Засим последовали капустные листья, фаршированные смесью риса с рубленым мясом, и капустные листья эти были настолько толстыми и жилистыми, что разрезать их, не разбросав при этом по ковру рис и мясо, тоже было нелегко. Тень сидел и гонял сей кулинарный изыск по тарелке.
– Мы тут в шашки сыграли, – сказал Чернобог, отсадив от куска тушеного мяса очередную порцию. – С этим вот молодым человеком. Он выиграл партию, я выиграл партию. Поскольку он выиграл, я согласился отправиться с ним и Средой и поддержать их в этом безумном начинании. А поскольку выиграл я, то, когда все это кончится, мне придется молодого человека убить ударом молота.
Обе Зори со скорбным видом закивали.
– Экая жалость! – сказала Тени Зоря Вечерняя. – Если бы я взялась вам погадать, наверняка напророчила бы долгую и счастливую жизнь и кучу детишек.
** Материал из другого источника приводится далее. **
Lemma psdZ n (c : C) (X : 'M[C]_n) : 0 <= c -> psd X -> psd (c *: X).
Proof.
move=> c0 [hX hXv]; split; first by rewrite adjZ hX geC0_conj.
by move=> v; rewrite -scalemxAr -scalemxAl mxE mulr_ge0.
Qed.

Lemma blkE n (X : 'M[C]_(n * 2)) i j a b :
  X (mxtens_index (i, a)) (mxtens_index (j, b)) = blk i j X a b.
Proof. by rewrite mxE. Qed.

Lemma blk_sum n (i j : 'I_n) I (r : seq I) (P : pred I) (F : I -> 'M[C]_(n * 2)) :
  blk i j (\sum_(k <- r | P k) F k) = \sum_(k <- r | P k) blk i j (F k).
Proof.
apply/matrixP=> k l; rewrite !mxE !summxE.
by apply: eq_bigr => x _; rewrite mxE.
Qed.

Lemma blkZ n (i j : 'I_n) c (X : 'M[C]_(n * 2)) : blk i j (c *: X) = c *: blk i j X.
Proof. by apply/matrixP=> k l; rewrite !mxE. Qed.

Lemma blk_tens n (i j : 'I_n) (A : 'M[C]_n) (B : 'M[C]_2) :
  blk i j (A *t B) = A i j *: B.
Proof. by apply/matrixP=> k l; rewrite mxE tensmxE mxE. Qed.

Lemma blk_sum_delta_tens n (i j : 'I_n) (G : 'I_n -> 'I_n -> 'M[C]_2) :
  blk i j (\sum_(i' < n) \sum_(j' < n) (delta_mx i' j' *t G i' j')) = G i j.
Proof.
rewrite blk_sum; under eq_bigr => i' _ do rewrite blk_sum.
under eq_bigr => i' _ do under eq_bigr => j' _ do rewrite blk_tens.
exact: sum_delta_mx_scale.
Qed.

Lemma mxtrace_blk n (X : 'M[C]_(n * 2)) : \tr X = \sum_(i < n) \tr (blk i i X).
Proof.
rewrite /mxtrace sum_mxtens_index; apply: eq_bigr => i _.
by apply: eq_bigr => a _; rewrite mxE.
Qed.

Lemma blk_ampl n Psi (X : 'M[C]_(n * 2)) (i j : 'I_n) :
  blk i j (ampl Psi X) = Psi (blk i j X).
Proof. exact: blk_sum_delta_tens. Qed.

Lemma linear_map0 (Psi : 'M[C]_2 -> 'M[C]_2) : linear_map Psi -> Psi 0 = 0.
Proof.
move=> h; have := h 1 0 0; rewrite scaler0 addr0 scale1r => E.
by apply/esym/(addrI (Psi 0)); rewrite addr0 {1}E.
Qed.

Lemma linear_mapZ (Psi : 'M[C]_2 -> 'M[C]_2) c A :
  linear_map Psi -> Psi (c *: A) = c *: Psi A.
Proof. by move=> h; have := h c A 0; rewrite !addr0 linear_map0 // addr0. Qed.

Lemma amplZ n Psi c (X : 'M[C]_(n * 2)) : linear_map Psi ->
  ampl Psi (c *: X) = c *: ampl Psi X.
Proof.
move=> h; rewrite /ampl scaler_sumr; apply: eq_bigr => i _.
rewrite scaler_sumr; apply: eq_bigr => j _.
by rewrite blkZ linear_mapZ // tensmxZr.
Qed.

Definition ptrace2 {n} (X : 'M[C]_(n * 2)) : 'M[C]_n := \matrix_(i, j) \tr (blk i j X).

Lemma ptrace2_sum n I (r : seq I) (P : pred I) (F : I -> 'M[C]_(n * 2)) :
  ptrace2 (\sum_(k <- r | P k) F k) = \sum_(k <- r | P k) ptrace2 (F k).
Proof.
apply/matrixP=> i j; rewrite !mxE summxE blk_sum raddf_sum.
by apply: eq_bigr => k _; rewrite mxE.
Qed.

Lemma ptrace2Z n c (X : 'M[C]_(n * 2)) : ptrace2 (c *: X) = c *: ptrace2 X.
Proof. by apply/matrixP=> i j; rewrite !mxE blkZ mxtraceZ. Qed.

Lemma ptrace2_tens n (A : 'M[C]_n) (B : 'M[C]_2) : ptrace2 (A *t B) = \tr B *: A.
Proof. by apply/matrixP=> i j; rewrite !mxE blk_tens mxtraceZ mulrC. Qed.

Lemma ptrace2_ampl n Psi (X : 'M[C]_(n * 2)) :
  trace_preserving Psi -> ptrace2 (ampl Psi X) = ptrace2 X.
Proof. by move=> tp; apply/matrixP=> i j; rewrite !mxE blk_ampl tp. Qed.

Lemma mxtrace_ptrace1 (X : 'M[C]_(2 * 2)) (B : 'M[C]_2) :
  \tr (X *m (1%:M *t B)) = \tr (ptrace1 X *m B).
Proof.
rewrite /mxtrace sum_mxtens_index.
under eq_bigr => i _ do under eq_bigr => a _ do rewrite mxE sum_mxtens_index.
rewrite exchange_big /=; apply: eq_bigr => a _.
rewrite mxE; under [RHS]eq_bigr => b _ do rewrite /ptrace1 summxE mulr_suml.
rewrite [RHS]exchange_big /=; apply: eq_bigr => i _.
rewrite (bigD1 i) //= [X in _ + X]big1 ?addr0; last first.
  move=> j /negbTE hj; apply: big1 => b _.
  by rewrite tensmxE mxE hj mul0r mulr0.
by apply: eq_bigr => b _; rewrite tensmxE !mxE eqxx mul1r.
Qed.

Lemma blk_Pplus (i j : 'I_2) : blk i j (Pplus R) = delta_mx i j.
Proof. exact: blk_sum_delta_tens. Qed.

Lemma ptrace2_Pplus : ptrace2 (Pplus R) = 1%:M.
Proof. by apply/matrixP=> i j; rewrite !mxE blk_Pplus mxtrace_delta. Qed.

Lemma mxtrace_Pplus : \tr (Pplus R) = 2.
Proof.
rewrite mxtrace_blk; under eq_bigr => i _ do rewrite blk_Pplus mxtrace_delta eqxx.
by rewrite sumr_const card_ord.
Qed.

(* The column vector is Phi = |00> + |11>, so that P'_+ = |Phi><Phi|. *)
Lemma Pplus_gram :
  Pplus R = (\col_k ((mxtens_unindex k).1 == (mxtens_unindex k).2)%:R)
            *m adj (\col_k ((mxtens_unindex k).1 == (mxtens_unindex k).2)%:R).
Proof.
apply/matrixP=> k l.
case: (mxtens_indexP k) => i a; case: (mxtens_indexP l) => j b.
rewrite blkE blk_Pplus !mxE big_ord1 /adj !mxE !mxtens_indexK /=.
rewrite conjC_nat -natrM mulnb; congr (_%:R).
by rewrite eq_sym [b == j]eq_sym.
Qed.

Lemma psd_Pplus : psd (Pplus R).
Proof. rewrite Pplus_gram; exact: psd_gram. Qed.

Lemma density_Pplus_half : density (2^-1 *: Pplus R).
Proof.
split; last by rewrite mxtraceZ mxtrace_Pplus mulVf // pnatr_eq0.
by apply: psdZ psd_Pplus; rewrite invr_ge0 ler0n.
Qed.

Lemma Re_mxtrace_comb n (X : 'M[C]_n) I (r : seq I) (P : pred I) (c : I -> R)
    (M : I -> 'M[C]_n) :
  complex.Re (\tr (X *m \sum_(k <- r | P k) (c k)%:C%C *: M k))
  = \sum_(k <- r | P k) c k * complex.Re (\tr (X *m M k)).
Proof.
rewrite mulmx_sumr (big_morph _ (@mxtraceD C n) (mxtrace0 C n)) Re_sum.
by apply: eq_bigr => k _; rewrite -scalemxAr mxtraceZ ReM_real.
Qed.

Lemma Re_mxtrace_tens_combr m n (X : 'M[C]_(m * n)) (A : 'M[C]_m) I (r : seq I)
    (P : pred I) (c : I -> R) (M : I -> 'M[C]_n) :
  complex.Re (\tr (X *m (A *t \sum_(k <- r | P k) (c k)%:C%C *: M k)))
  = \sum_(k <- r | P k) c k * complex.Re (\tr (X *m (A *t M k))).
Proof.
rewrite tensmx_sumr -Re_mxtrace_comb; congr (complex.Re (\tr (X *m _))).
by apply: eq_bigr => k _; rewrite tensmxZr.
Qed.

Lemma Re_mxtrace_tens_combl m n (X : 'M[C]_(m * n)) (B : 'M[C]_n) I (r : seq I)
    (P : pred I) (c : I -> R) (M : I -> 'M[C]_m) :
  complex.Re (\tr (X *m ((\sum_(k <- r | P k) (c k)%:C%C *: M k) *t B)))
  = \sum_(k <- r | P k) c k * complex.Re (\tr (X *m (M k *t B))).
Proof.
rewrite tensmx_suml -Re_mxtrace_comb; congr (complex.Re (\tr (X *m _))).
by apply: eq_bigr => k _; rewrite tensmxZl.
Qed.

Lemma Re_mxtrace_tens_add1 m n (X : 'M[C]_(m * n)) (A : 'M[C]_m) (B : 'M[C]_n) :
  complex.Re (\tr (X *m ((1%:M + A) *t (1%:M + B))))
  = complex.Re (\tr X) + complex.Re (\tr (X *m (1%:M *t B)))
    + complex.Re (\tr (X *m (A *t 1%:M))) + complex.Re (\tr (X *m (A *t B))).
Proof. by rewrite tensmxDl !tensmxDr tensmx11 !mulmxDr !mxtraceD !ReD mulmx1 !addrA. Qed.

End Operators.

Section Qubit.
Variable R : realType.
Local Notation C := R[i].
Local Notation o0 := (@ord0 1).
Local Notation o1 := (lift (@ord0 1) (@ord0 0)).
Local Notation q0 := (@ord0 2).
Local Notation q1 := (lift (@ord0 2) (@ord0 1)).
Local Notation q2 := (lift (@ord0 2) (lift (@ord0 1) (@ord0 0))).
– Вот поэтому из тебя и получилась хорошая гадалка, – подхватила Зоря Утренняя. Вид у нее был сонный донельзя, будто она и так уже засиделась много дольше привычного для нее времени. – Врешь ты лучше нас всех вместе взятых.
Ужин кончился, а чувство голода у Тени так и не прошло. В тюрьме еда была – дрянь, но и в тюрьме кормили лучше, чем здесь.
– Славная трапеза, – сказал Среда, который только что с видимым удовольствием очистил свою тарелку. – Дамы, огромное вам спасибо. А теперь, боюсь, мне придется взять на себя смелость и попросить вас порекомендовать нам какую-нибудь приличную гостиницу неподалеку.
При этих его словах вид у Зори Вечерней сделался обиженным донельзя.
– А с чего это вам вздумалось идти в гостиницу? – вскинулась она. – Или мы вам не друзья?
– Я никоим образом не собирался обеспокоить вас… – начал Среда.
– Да какое уж тут беспокойство, – перебила его Зоря Утренняя, перебирая рукой свои волосы – невероятно, неуместно золотые, – и зевнула. – Ты можешь лечь в комнате Белобога, – ткнула она пальцем в Среду. – Она все равно стоит пустая. Что же до вас, молодой человек, постелем вам на диване. Честное слово, спать будете, как убитый.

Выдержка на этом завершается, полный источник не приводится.